Schema question from a MongoDB newbie

Don_Lair · February 8, 2020, 9:40pm

Hello!

I’m working on a Node hobby app as a way to learn and experiment with the current state of web dev. Background: I used to do a fair amount of web dev back in the LAMP stack days, but have spent the last 10+ years in business functions.

I’ve been through a couple tutorials and have a rudimentary understanding of how MongoDB works. Now it’s time to start building my own app to stretch my legs.

I’m going to build a simple stock market web app and so I’ll be gathering, recording, and displaying a lot of timeseries stock price data, as well as quarterly financial statement data.

I’ve read several threads about this and know many people recommend using an RDBMS for this, but I want to learn MongoDB so I’m using it anyhoo.

I’ve read some helpful posts on the MongoDB blog, including this one, which suggests the following schema:

const Ticker = {
  symbol: String,
  timestamp: Date,
  trading:{
    week52High: Number,
    week52Low: Number,
    percent_shorted: Number,
    shares_outstanding: Number,
    enterprise_value: Number,
    dividend: Number,
    market_cap: Number,
    price: Number
  },
  name: String,
  about: String,
  timeseries: {
    oneDay: Object,
    oneMonth: Object,
    threeMonths: Object,
    oneYear: Object,
    fiveYears: Object
  },
  quote: {
    fundamental: Object,
    price: Object,
    asset_type: String,
    time: String,
    exchange: String,
  },  
 financials: {
  fcf_over_share: Number,
  fcf: Number,
  eps_margin: Number,
  eps: Number,
  ebitda_margin: Number,
  ebitda: Number,
  revenue_growth_3_yr: Number,
  revenue: Number
 }, 
};

I’m planning to run with that as a starting point and refactor along the way if needed.

Before I do, I was wondering if anybody with more experience can anticipate issues or suggest improvements on the above before I jump in.

Thanks!
Don

Eric_Reid · February 10, 2020, 5:19pm

That’s a good start, but so much of schema design in MongoDB comes down to how the collections will be queried.

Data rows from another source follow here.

(* Let $\mathcal{X}$ be a finite set of $n$ agents and $\Gamma$ a merit distribution on $\mathbb{R}^{\mathcal{X}}$. Let $\pi^{TS}_\Gamma$ be the Thompson sampling ranking distribution: draw a merit vector $v\sim\Gamma$ and rank the agents by decreasing $v_x$. Then $\pi^{TS}_\Gamma$ is $1$-fair with respect to $\Gamma$.
   Context: A ranking of $\mathcal{X}$ is a bijection $\sigma:\{1,\dots,n\}\to\mathcal{X}$ ($\sigma(k)$ is the agent in position $k$); a ranking distribution $\pi$ is a probability distribution over rankings, with marginals $P_\pi(x,k)=\sum_{\sigma:\sigma(k)=x}\pi(\sigma)$. A merit distribution $\Gamma$ is a probability distribution over $v=(v_x)_{x\in\mathcal{X}}\in\mathbb{R}^{\mathcal{X}}$ such that every $v$ in its support has pairwise distinct entries. $\mathrm{Top}_k(x;v)$ denotes the event $|\{x': v_{x'}>v_x\}|<k$. For $\rho\in[0,1]$, $\pi$ is $\rho$-fair with respect to $\Gamma$ if $\sum_{k'=1}^{k}P_\pi(x,k')\ge\rho\cdot\Pr_{v\sim\Gamma}[\mathrm{Top}_k(x;v)]$ for all agents $x$ and positions $k$. *)

From HB Require Import structures.
From mathcomp Require Import all_boot all_order all_algebra.
From mathcomp Require Import all_classical all_reals all_analysis.
Set Implicit Arguments. Unset Strict Implicit. Unset Printing Implicit Defensive.
Import Order.TTheory GRing.Theory Num.Theory.
Local Open Scope classical_set_scope.
Local Open Scope ring_scope.

(* Agents: a finite type X with n = #|X| elements.  Positions are 'I_#|X|,
   0-based: index k : 'I_#|X| stands for position k+1 of the paper. *)

(* A ranking: a bijection from positions to agents (injective map between
   sets of equal finite cardinality). *)
Definition ranking (X : finType) := {f : {ffun 'I_#|X| -> X} | injectiveb f}.

Definition is_ranking_dist (R : realType) (X : finType) (pi : ranking X -> R) :=
  (forall s, 0 <= pi s) /\ \sum_(s : ranking X) pi s = 1.

Definition marginal (R : realType) (X : finType) (pi : ranking X -> R)
  (x : X) (k : 'I_#|X|) : R :=
  \sum_(s : ranking X | val s k == x) pi s.

(* Top_k(x; v) for the paper's position k+1 (k 0-based):
   |{x' : v_x' > v_x}| < k+1. *)
Definition Top (R : realType) (X : finType) (k : 'I_#|X|) (x : X) (w : X -> R) :=
  (#|[set x' | (w x < w x')%R]| < k.+1)%N.

Definition distinct_entries (R : realType) (X : finType) (w : X -> R) :=
  injective w.

(* The merit distribution Gamma is represented as the law of a random merit
   vector v : T -> (X -> R) on a probability space (T, P). *)

Definition ranks_by_decreasing (R : realType) (X : finType) (w : X -> R)
  (s : ranking X) :=
  forall i j : 'I_#|X|, (i < j)%N -> w (val s j) < w (val s i).

Definition thompson (R : realType) (d : measure_display) (T : measurableType d)
  (P : probability T R) (X : finType) (v : T -> X -> R) (s : ranking X) : R :=
  fine (P [set om | ranks_by_decreasing (v om) s]).

Definition rho_fair (R : realType) (d : measure_display) (T : measurableType d)
  (P : probability T R) (X : finType) (v : T -> X -> R)
  (rho : R) (pi : ranking X -> R) :=
  forall (x : X) (k : 'I_#|X|),
    \sum_(k' < #|X| | (k' <= k)%N) marginal pi x k'
      >= rho * fine (P [set om | Top k x (v om)]).

From HB Require Import structures.
From mathcomp Require Import all_boot all_order all_algebra.
From mathcomp Require Import all_classical all_reals all_analysis.
From mathcomp Require Import measurable_realfun.
Import Order.TTheory GRing.Theory Num.Theory.
Local Open Scope classical_set_scope.
Local Open Scope ring_scope.

(* For merits w with distinct entries exactly one ranking sorts the agents by
   decreasing merit, and it places agent x at position rank w x, the number of
   agents with larger merit; Top_k(x; w) says precisely rank w x <= k.  So the
   events "s sorts v" partition the sample space, which makes pi^TS a
   distribution, and the marginal P(x, k') of pi^TS is Pr[rank v x = k'].
   Summing over k' <= k gives Pr[Top_k(x; v)] exactly: 1-fairness holds with
   equality. *)

Section Rank.
Context {R : realType} {X : finType}.
Implicit Types (w : X -> R) (s : ranking X).

Definition rank w x : nat := #|[set y | w x < w y]%SET|.

Lemma TopE k x w : Top k x w = (rank w x <= k)%N.
Proof.
rewrite /Top ltnS; congr (_ <= _)%N.
by apply: eq_card => y; rewrite inE; exact: asboolb.
Qed.

Lemma rank_lt_card w x : (rank w x < #|X|)%N.
Proof.
rewrite -cardsT; apply: proper_card; apply/properP.
split; first exact: finset.subsetT.
by exists x; rewrite !inE ?ltxx.
Qed.

Lemma rank_lt {w x y} : w x < w y -> (rank w y < rank w x)%N.
Proof.
move=> wxy; apply: proper_card; apply/properP; split.
  by apply/fintype.subsetP => z; rewrite !inE; apply: lt_trans.
by exists y; rewrite !inE ?wxy ?ltxx.
Qed.

Lemma rank_inj {w} : injective w -> injective (rank w).
Proof.
move=> w_inj x y rxy; apply: w_inj.
by case: (ltgtP (w x) (w y)) => // /rank_lt; rewrite rxy ltnn.
Qed.

Lemma ranking_inj s : injective (val s).
Proof. exact/injectiveP/(valP s). Qed.

Lemma ranking_surj s x : exists i, val s i = x.
Proof.
have /codomP[i ->] := inj_card_onto (ranking_inj s) (eq_leq (esym (card_ord _))) x.
by exists i.
Qed.

Lemma rank_sorted w s i : ranks_by_decreasing w s -> rank w (val s i) = i.
Proof.
move=> s_dec; have s_inj := ranking_inj s; rewrite /rank.
pose below := [set widen_ord (ltnW (ltn_ord i)) j | j : 'I_i].
have -> : [set y | w (val s i) < w y]%SET = val s @: below.
  apply/setP => y; have [j <-] := ranking_surj s y.
  rewrite inE mem_imset //; apply/idP/imsetP => [wij|[{}j _ ->]]; last first.
    by apply: s_dec; exact: (ltn_ord j).
  have ji : (j < i)%N.
    case: (ltngtP j i) => // [ij | eji]; last by rewrite (val_inj eji) ltxx in wij.
    by have := lt_trans wij (s_dec _ _ ij); rewrite ltxx.
  by exists (Ordinal ji); last exact: val_inj.
by rewrite card_imset // card_imset ?card_ord // => j j' [] /ord_inj.
Qed.

Lemma rank_sortedE {w s} x (k : 'I_#|X|) :
  ranks_by_decreasing w s -> (rank w x == k) = (val s k == x).
Proof.
move=> s_dec; have [i <-] := ranking_surj s x.
by rewrite rank_sorted // (inj_eq (ranking_inj s)) eq_sym.
Qed.

Lemma sorted_ranking_uniq {w s s'} : injective w ->
  ranks_by_decreasing w s -> ranks_by_decreasing w s' -> s = s'.
Proof.
move=> w_inj s_dec s'_dec; apply/val_inj/ffunP => i.
by apply: (rank_inj w_inj); rewrite !rank_sorted.
Qed.

Lemma sorted_ranking_exists {w} : injective w -> exists s, ranks_by_decreasing w s.
Proof.
move=> w_inj; pose r x : 'I_#|X| := Ordinal (rank_lt_card w x).
have r_inj : injective r by move=> x y [] /(rank_inj w_inj).
have [g rg gr] : bijective r by apply: inj_card_bij r_inj _; rewrite card_ord.
have g_inj : injective g := can_inj gr.
have rank_g i : rank w (g i) = i by rewrite -[RHS](congr1 val (gr i)).
have g_ranking : injectiveb [ffun i => g i].
  by apply/injectiveP => i j; rewrite !ffunE => /g_inj.
exists (exist _ [ffun i => g i] g_ranking) => i j ij /=; rewrite !ffunE.
case: (ltgtP (w (g j)) (w (g i))) => // [/rank_lt | /w_inj/g_inj ji].
  by rewrite !rank_g ltnNge (ltnW ij).
by rewrite ji ltnn in ij.
Qed.

End Rank.

Lemma measure_fintype_bigcup {d} {T : measurableType d} {R : realType}
    (mu : {measure set T -> \bar R}) {I : finType} (A : pred I) (F : I -> set T) :
  (forall i, measurable (F i)) -> trivIset setT F ->
  mu (\bigcup_(i in [set` A]) F i) = (\sum_(i | A i) mu (F i))%E.
Proof.
move=> mF tF; rewrite measure_fin_bigcup //; last exact: sub_trivIset tF.
by apply/esym/bigfs => [|i _]; rewrite ?index_enum_uniq ?mem_index_enum.
Qed.

Section ThompsonSampling.
Variables (R : realType) (d : measure_display) (T : measurableType d).
Variables (P : probability T R) (X : finType) (v : T -> X -> R).
Hypothesis v_meas : forall x, measurable_fun setT (fun om => v om x).
Hypothesis v_distinct : forall om, distinct_entries (v om).

Let sorts (s : ranking X) := [set om | ranks_by_decreasing (v om) s].

Lemma measurable_sorts s : measurable (sorts s).
Proof.
have -> : sorts s = \bigcap_(ij in [set ij : 'I_#|X| * 'I_#|X| | (ij.1 < ij.2)%N])
                      [set om | v om (val s ij.2) < v om (val s ij.1)].
  apply/seteqP; split=> [om s_dec [i j] /= | om s_dec i j ij]; first exact: s_dec.
  exact: (s_dec (i, j)).
apply: fin_bigcap_measurable => [|[i j] _]; first exact: finite_finset.
have := measurable_fun_ltr (v_meas (val s j)) (v_meas (val s i)) measurableT.
(* every subset of bool is measurable *)
by move/(_ [set true] I); rewrite setTI.
Qed.

Lemma trivIset_sorts : trivIset setT sorts.
Proof.
move=> s s' _ _ [om [s_dec s'_dec]].
exact: sorted_ranking_uniq (v_distinct om) s_dec s'_dec.
Qed.

Lemma thompsonE s : (thompson P v s)%:E = P (sorts s).
Proof. by rewrite fineK // fin_num_measure //; exact: measurable_sorts. Qed.

Lemma rank_eventE x (k : 'I_#|X|) :
  [set om | rank (v om) x = k] =
  \bigcup_(s in [set` fun s : ranking X => val s k == x]) sorts s.
Proof.
apply/seteqP; split=> om /=.
  have [s s_dec] := sorted_ranking_exists (v_distinct om).
  by move/eqP; rewrite (rank_sortedE _ _ s_dec) => skx; exists s.
by case=> s /= skx s_dec; apply/eqP; rewrite (rank_sortedE _ _ s_dec).
Qed.

Lemma measurable_rank_event x (k : 'I_#|X|) :
  measurable [set om | rank (v om) x = k].
Proof.
rewrite rank_eventE; apply: fin_bigcup_measurable => [|s _].
- exact: finite_finset.
- exact: measurable_sorts.
Qed.

Lemma marginal_thompsonE x k :
  (marginal (thompson P v) x k)%:E = P [set om | rank (v om) x = k].
Proof.
rewrite rank_eventE measure_fintype_bigcup; last 2 first.
- exact: measurable_sorts.
- exact: trivIset_sorts.
by rewrite -sumEFin; apply: eq_bigr => s _; rewrite thompsonE.
Qed.

Lemma thompson_ranking_dist : is_ranking_dist (thompson P v).
Proof.
split=> [s|]; first exact: fine_ge0.
apply: EFin_inj; rewrite -sumEFin (eq_bigr _ (fun s _ => thompsonE s)).
rewrite -(measure_fintype_bigcup P xpredT); last 2 first.
- exact: measurable_sorts.
- exact: trivIset_sorts.
rewrite -(probability_setT P); congr (P _); apply/seteqP; split=> // om _.
by have [s s_dec] := sorted_ranking_exists (v_distinct om); exists s.
Qed.

Lemma sum_marginal_thompson x (k : 'I_#|X|) :
  \sum_(k' < #|X| | (k' <= k)%N) marginal (thompson P v) x k' =
  fine (P [set om | Top k x (v om)]).
Proof.
have -> : [set om | Top k x (v om)] =
    \bigcup_(k' in [set` fun k' : 'I_#|X| => (k' <= k)%N])
      [set om | rank (v om) x = k'].
  apply/seteqP; split=> om /=; rewrite TopE; last by case=> k' /= k'k ->.
  by move=> rk; exists (Ordinal (rank_lt_card (v om) x)).
rewrite measure_fintype_bigcup; last 2 first.
- exact: measurable_rank_event.
- by move=> k1 k2 _ _ [om [/= r1 r2]]; apply: ord_inj; rewrite -r1 -r2.
by rewrite (eq_bigr _ (fun k' _ => esym (marginal_thompsonE x k'))) sumEFin.
Qed.

End ThompsonSampling.

Theorem proposition3 (R : realType) (d : measure_display) (T : measurableType d)
  (P : probability T R) (X : finType) (v : T -> X -> R)
  (v_meas : forall x : X, measurable_fun setT (fun om => v om x))
  (v_distinct : forall om : T, distinct_entries (v om)) :
  is_ranking_dist (thompson P v) /\ rho_fair P v 1 (thompson P v).
Proof.
split; first exact: thompson_ranking_dist.
by move=> x k; rewrite mul1r sum_marginal_thompson.
Qed.
Lemma same_sign_mul_gt0 x y z : same_sign x y z -> [/\ 0 < x * y, 0 < y * z & 0 < z * x].
Proof. by case=> [[? [? ?]]|[? [? ?]]]; split; nra. Qed.

Lemma same_sign_neq0 x y z : same_sign x y z -> [/\ x != 0, y != 0 & z != 0].
Proof. by case=> [[? [? ?]]|[? [? ?]]]; split; apply/eqP=> ?; lra. Qed.

Lemma same_sign_sum_neq0 x y z : same_sign x y z -> x + y + z != 0.
Proof. by case=> [[? [? ?]]|[? [? ?]]]; apply/eqP=> ?; lra. Qed.

Lemma eq_sqr_mul_gt0 x y : 0 < x * y -> x ^+ 2 = y ^+ 2 -> x = y.
Proof.
move=> xy /eqP; rewrite eqf_sqr => /orP[/eqP //| /eqP exy].
by move: xy; rewrite exy mulNr oppr_gt0 -expr2 ltNge sqr_ge0.
Qed.

End Signs.

Section Plane.
Variable R : realType.
Implicit Types (x y z t l : R) (u v P Q X Y Z A B C O : point R).

Lemma dot_self_eq0 u : dot u u = 0 -> u = (0, 0).
Proof.
case: u => u1 u2; rewrite /dot /= => /eqP.
by rewrite -!expr2 paddr_eq0 ?sqr_ge0 // !sqrf_eq0 => /andP[/eqP -> /eqP ->].
Qed.

Lemma sqdist_eq0 P Q : sqdist P Q = 0 -> P = Q.
Proof.
case: P Q => [x1 x2] [y1 y2] /dot_self_eq0 [/eqP + /eqP].
by rewrite !subr_eq0 => /eqP -> /eqP ->.
Qed.

Lemma cross_neq0_add u v : cross u v != 0 -> dot (u + v)%C (u + v)%C != 0.
Proof.
case: u v => [u1 u2] [v1 v2]; apply: contra_neq => /dot_self_eq0 [= e1 e2].
by apply: (eq_lincomb2 (t1 := - u2) (t2 := u1) e1 e2); rewrite /cross /=; ring.
Qed.

Lemma cross_neq0_sub u v : cross u v != 0 -> dot (v - u)%C (v - u)%C != 0.
Proof.
case: u v => [u1 u2] [v1 v2]; apply: contra_neq => /dot_self_eq0 [= e1 e2].
by apply: (eq_lincomb2 (t1 := - u2) (t2 := u1) e1 e2); rewrite /cross /=; ring.
Qed.

Lemma crossNl u v : cross (- u)%C v = - cross u v.
Proof. by rewrite /cross /=; ring. Qed.

Lemma crossNr u v : cross u (- v)%C = - cross u v.
Proof. by rewrite /cross /=; ring. Qed.

Lemma cmulNN u : (- u * - u)%C = (u * u)%C.
Proof. by rewrite /cmul /=; congr (_, _); ring. Qed.

Lemma cscale_inj t : t != 0 -> injective (cscale t).
Proof.
move=> t0 [x1 x2] [y1 y2] [/(mulfI t0) e1 /(mulfI t0) e2].
by rewrite e1 e2.
Qed.

Lemma noncollinear_neq A B C : noncollinear A B C -> A <> B.
Proof. by rewrite /noncollinear => + eAB; rewrite eAB /cross /vsub /= !subrr !mul0r subrr eqxx. Qed.

Lemma noncollinear_cycle A B C : noncollinear A B C -> noncollinear B C A.
Proof.
rewrite /noncollinear; suff -> : cross (vsub C B) (vsub A B) = cross (vsub B A) (vsub C A) by [].
by rewrite /cross /vsub /=; ring.
Qed.

Lemma inside_noncollinear P A B C : strictly_inside P A B C ->
  [/\ noncollinear B P C, noncollinear C P A & noncollinear A P B].
Proof.
rewrite /strictly_inside /noncollinear /cross /vsub /= => ins.
by split; apply/eqP => ?; case: ins => [[? [? ?]]|[? [? ?]]]; lra.
Qed.

Lemma eq_of_dot_vsub P Q u v : cross u v != 0 ->
  dot (vsub P Q) u = 0 -> dot (vsub P Q) v = 0 -> P = Q.
Proof.
case: P Q u v => [x1 x2] [y1 y2] [u1 u2] [v1 v2].
rewrite /cross /dot /vsub /= => nz eu ev.
have e1 : x1 = y1.
  apply: (mulIf nz); apply: (eq_lincomb2 (t1 := v2) (t2 := - u2) eu ev); ring.
have e2 : x2 = y2.
  apply: (mulIf nz); apply: (eq_lincomb2 (t1 := - v1) (t2 := u1) eu ev); ring.
by rewrite e1 e2.
Qed.

Lemma orthocenter_uniq H1 H2 X Y Z : noncollinear X Y Z ->
  is_orthocenter H1 X Y Z -> is_orthocenter H2 X Y Z -> H1 = H2.
Proof.
move=> nXYZ [e1 [e2 _]] [f1 [f2 _]].
apply: (eq_of_dot_vsub (u := vsub Z Y) (v := vsub X Z)).
- suff -> : cross (vsub Z Y) (vsub X Z) = cross (vsub Y X) (vsub Z X) by [].
  by rewrite /cross /vsub /=; ring.
- by apply: (eq_lincomb2 (t1 := 1) (t2 := -1) e1 f1); rewrite /dot /vsub /=; ring.
- by apply: (eq_lincomb2 (t1 := 1) (t2 := -1) e2 f2); rewrite /dot /vsub /=; ring.
Qed.
(* Let $L$ be a layout. There exists a nested tuple morphism $f$ with $L_f=L$ if and only if $L$ is tractable.
   Context: A nested tuple (of positive integers) is a positive integer or a finite tuple of nested tuples; its flattening $X^\flat$ is the tuple of integer leaves left to right, $\mathrm{len}(X)$ its length and $\mathrm{entry}_i(X)$ its $i$-th entry. Congruent nested tuples share the same nesting pattern. A layout is $L=S:D$ with $S$ (positive entries) and $D$ (nonnegative entries) congruent nested tuples; $L^\flat=S^\flat:D^\flat$. $\langle n\rangle_*=\{*,1,\dots,n\}$. A nested tuple morphism $f:S\to T$ is given by a pointed map $\alpha:\langle\mathrm{len}(S)\rangle_*\to\langle\mathrm{len}(T)\rangle_*$ ($\alpha( * )=*$) such that each $j\ne*$ has at most one preimage and $\mathrm{entry}_i(S)=\mathrm{entry}_{\alpha(i)}(T)$ whenever $\alpha(i)\ne*$. With $T^\flat=(t_1,\dots,t_n)$, the encoded layout $L_f$ has shape $S$ and stride congruent to $S$ whose $i$-th flattened entry is $0$ if $\alpha(i)=*$ and $\prod_{j<\alpha(i)}t_j$ otherwise. Order pairs by $s:d\preceq s':d'$ iff $d<d'$ or ($d=d'$ and $s\le s'$); for a flat layout, $\mathrm{sort}$ stably reorders its modes into $\preceq$-nondecreasing order. A layout $L$ is tractable if, writing $\mathrm{sort}(L^\flat)=(s_1,\dots,s_m):(d_1,\dots,d_m)$, for each $1\le i<m$ either $d_i=0$ or $s_id_i$ divides $d_{i+1}$. *)

From mathcomp Require Import all_boot.
Set Implicit Arguments. Unset Strict Implicit. Unset Printing Implicit Defensive.

(* Nested tuples: a (natural-number) leaf or a finite tuple of nested tuples.
   Positivity of leaves is imposed separately by [pos_ntuple]. *)
Inductive ntuple : Type :=
| NLeaf of nat
| NNode of seq ntuple.

Fixpoint flat (x : ntuple) : seq nat :=
  match x with
  | NLeaf n => [:: n]
  | NNode xs => flatten (map flat xs)
  end.

Definition len (x : ntuple) : nat := size (flat x).

Fixpoint pattern (x : ntuple) : ntuple :=
  match x with
  | NLeaf _ => NLeaf 0
  | NNode xs => NNode (map pattern xs)
  end.

Definition congruent (x y : ntuple) : Prop := pattern x = pattern y.

Definition pos_ntuple (x : ntuple) : bool := all (fun n => 0 < n) (flat x).

Fixpoint relabel_aux (x : ntuple) (l : seq nat) : ntuple * seq nat :=
  match x with
  | NLeaf _ => (NLeaf (head 0 l), behead l)
  | NNode xs =>
      let fix go (xs : seq ntuple) (l : seq nat) : seq ntuple * seq nat :=
        match xs with
        | [::] => ([::], l)
        | y :: ys =>
            let (y', l') := relabel_aux y l in
            let (ys', l'') := go ys l' in (y' :: ys', l'')
        end in
      let (xs', l') := go xs l in (NNode xs', l')
  end.

Definition relabel (x : ntuple) (l : seq nat) : ntuple := (relabel_aux x l).1.

Record layout := Layout { lshape : ntuple; lstride : ntuple }.

Definition is_layout (L : layout) : Prop :=
  pos_ntuple (lshape L) /\ congruent (lshape L) (lstride L).

(* nested tuple morphism S -> T given by a pointed map
   <len S>_* -> <len T>_*, encoded as 'I_(len S) -> option 'I_(len T)
   (None = *, indices are 0-based). *)
Definition is_morphism (S T : ntuple) (alpha : 'I_(len S) -> option 'I_(len T)) : Prop :=
  (forall i j k, alpha i = Some k -> alpha j = Some k -> i = j) /\
  (forall i k, alpha i = Some k -> nth 0 (flat S) i = nth 0 (flat T) k).

Definition enc_stride (S T : ntuple) (alpha : 'I_(len S) -> option 'I_(len T))
  (i : 'I_(len S)) : nat :=
  match alpha i with
  | None => 0
  | Some k => \prod_(t <- take k (flat T)) t
  end.

Definition encoded_layout (S T : ntuple) (alpha : 'I_(len S) -> option 'I_(len T)) : layout :=
  Layout S (relabel S [seq enc_stride alpha i | i : 'I_(len S)]).

(* s:d <= s':d' iff d < d' or (d = d' and s <= s') ; pairs are (s, d) *)
Definition mode_le (a b : nat * nat) : bool :=
  (a.2 < b.2) || ((a.2 == b.2) && (a.1 <= b.1)).

Definition sorted_modes (L : layout) : seq (nat * nat) :=
  sort mode_le (zip (flat (lshape L)) (flat (lstride L))).

Definition tractable (L : layout) : Prop :=
  let p := sorted_modes L in
  forall i, i.+1 < size p ->
    (nth (0, 0) p i).2 = 0 \/
    ((nth (0, 0) p i).1 * (nth (0, 0) p i).2 %| (nth (0, 0) p i.+1).2).

From mathcomp Require Import all_boot zify.
From Stdlib Require List.

Set Implicit Arguments.
Unset Strict Implicit.
Unset Printing Implicit Defensive.

(* Write P_k = t_0 * ... * t_(k-1) for the prefix products of the flattened
   codomain T.  A morphism gives each mode of S either stride 0 or the mode
   (t_k, P_k) of an entry of T, with distinct entries for distinct modes.  If
   (t_k, P_k) precedes (t_k', P_k') with k <> k', then t_k P_k = P_(k+1)
   divides P_k' (for k' < k the order forces t_k = t_k' = 1), which is
   tractability of the sorted modes.  Conversely, the nonzero-stride modes
   (s_0, d_0) <= ... <= (s_(r-1), d_(r-1)) of a tractable layout form a chain
   s_i d_i | d_(i+1), and the codomain
     (d_0, s_0, d_1 / (s_0 d_0), s_1, ..., d_(r-1) / (s_(r-2) d_(r-2)), s_(r-1))
   realizes the layout: the i-th of these modes goes to the entry s_i, whose
   prefix product is exactly d_i. *)

Section NtupleInduction.
Variable P : ntuple -> Prop.
Hypothesis P_leaf : forall n, P (NLeaf n).
Hypothesis P_node : forall xs, List.Forall P xs -> P (NNode xs).

Fixpoint ntuple_ind_nested (x : ntuple) : P x :=
  match x with
  | NLeaf n => P_leaf n
  | NNode xs => @P_node xs ((fix all_ind (xs : seq ntuple) : List.Forall P xs :=
       match xs with
       | [::] => List.Forall_nil P
       | y :: ys => @List.Forall_cons _ P y ys (ntuple_ind_nested y) (all_ind ys)
       end) xs)
  end.
End NtupleInduction.
(* Let $p\ge0$ be an integer and $0<x<2\pi$. Then $$\sum_{k=1}^\infty\frac{\cos(kx)}{(2k-1)(2k)^{2p}(2k+1)}=\frac12-\frac{\pi}{4}\sin\frac x2-\frac12\sum_{j=1}^p\frac{(-1)^{j+1}\pi^{2j}}{(2j)!}B_{2j}\Big(\frac{x}{2\pi}\Big),$$ $$\sum_{k=1}^\infty\frac{\sin(kx)}{(2k-1)(2k)^{2p+1}(2k+1)}=\frac{\pi}{4}\cos\frac x2-\frac14(\pi-x)-\frac12\sum_{j=1}^p\frac{(-1)^{j+1}\pi^{2j+1}}{(2j+1)!}B_{2j+1}\Big(\frac{x}{2\pi}\Big).$$
   Context: $B_n(y)$ are the Bernoulli polynomials, defined by $\frac{te^{yt}}{e^t-1}=\sum_{k\ge0}B_k(y)\frac{t^k}{k!}$. *)

From Stdlib Require Import Reals.
From Coquelicot Require Import Coquelicot.
Open Scope R_scope.

Definition bernoulli_gf (y : R) (t : R) : R :=
  if Req_EM_T t 0 then 1 else t * exp (y * t) / (exp t - 1).

(* B_n(y) : the coefficient of t^n/n! in the Taylor expansion at 0 of the
   generating function, i.e. its n-th derivative at t = 0. *)
Definition Bernoulli (n : nat) (y : R) : R := Derive_n (bernoulli_gf y) n 0.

Yes, you want to denormalize as much as possible. Yes, you may well make use of the Bucket Pattern for time series data. Until you actually craft the actual queries, however, you really don’t know if you’ll have contention/locking issues, I/O throughput issues, etc.

So yeah - start with what you do know, try it, monitor performance, and refactor as needed.

Oh, and MongoDB is good for just about every use case - the days of “RDBMS is better for this” are just about passed…

Don_Lair · February 10, 2020, 5:39pm

Thanks Eric, I’ll take a look at the bucket pattern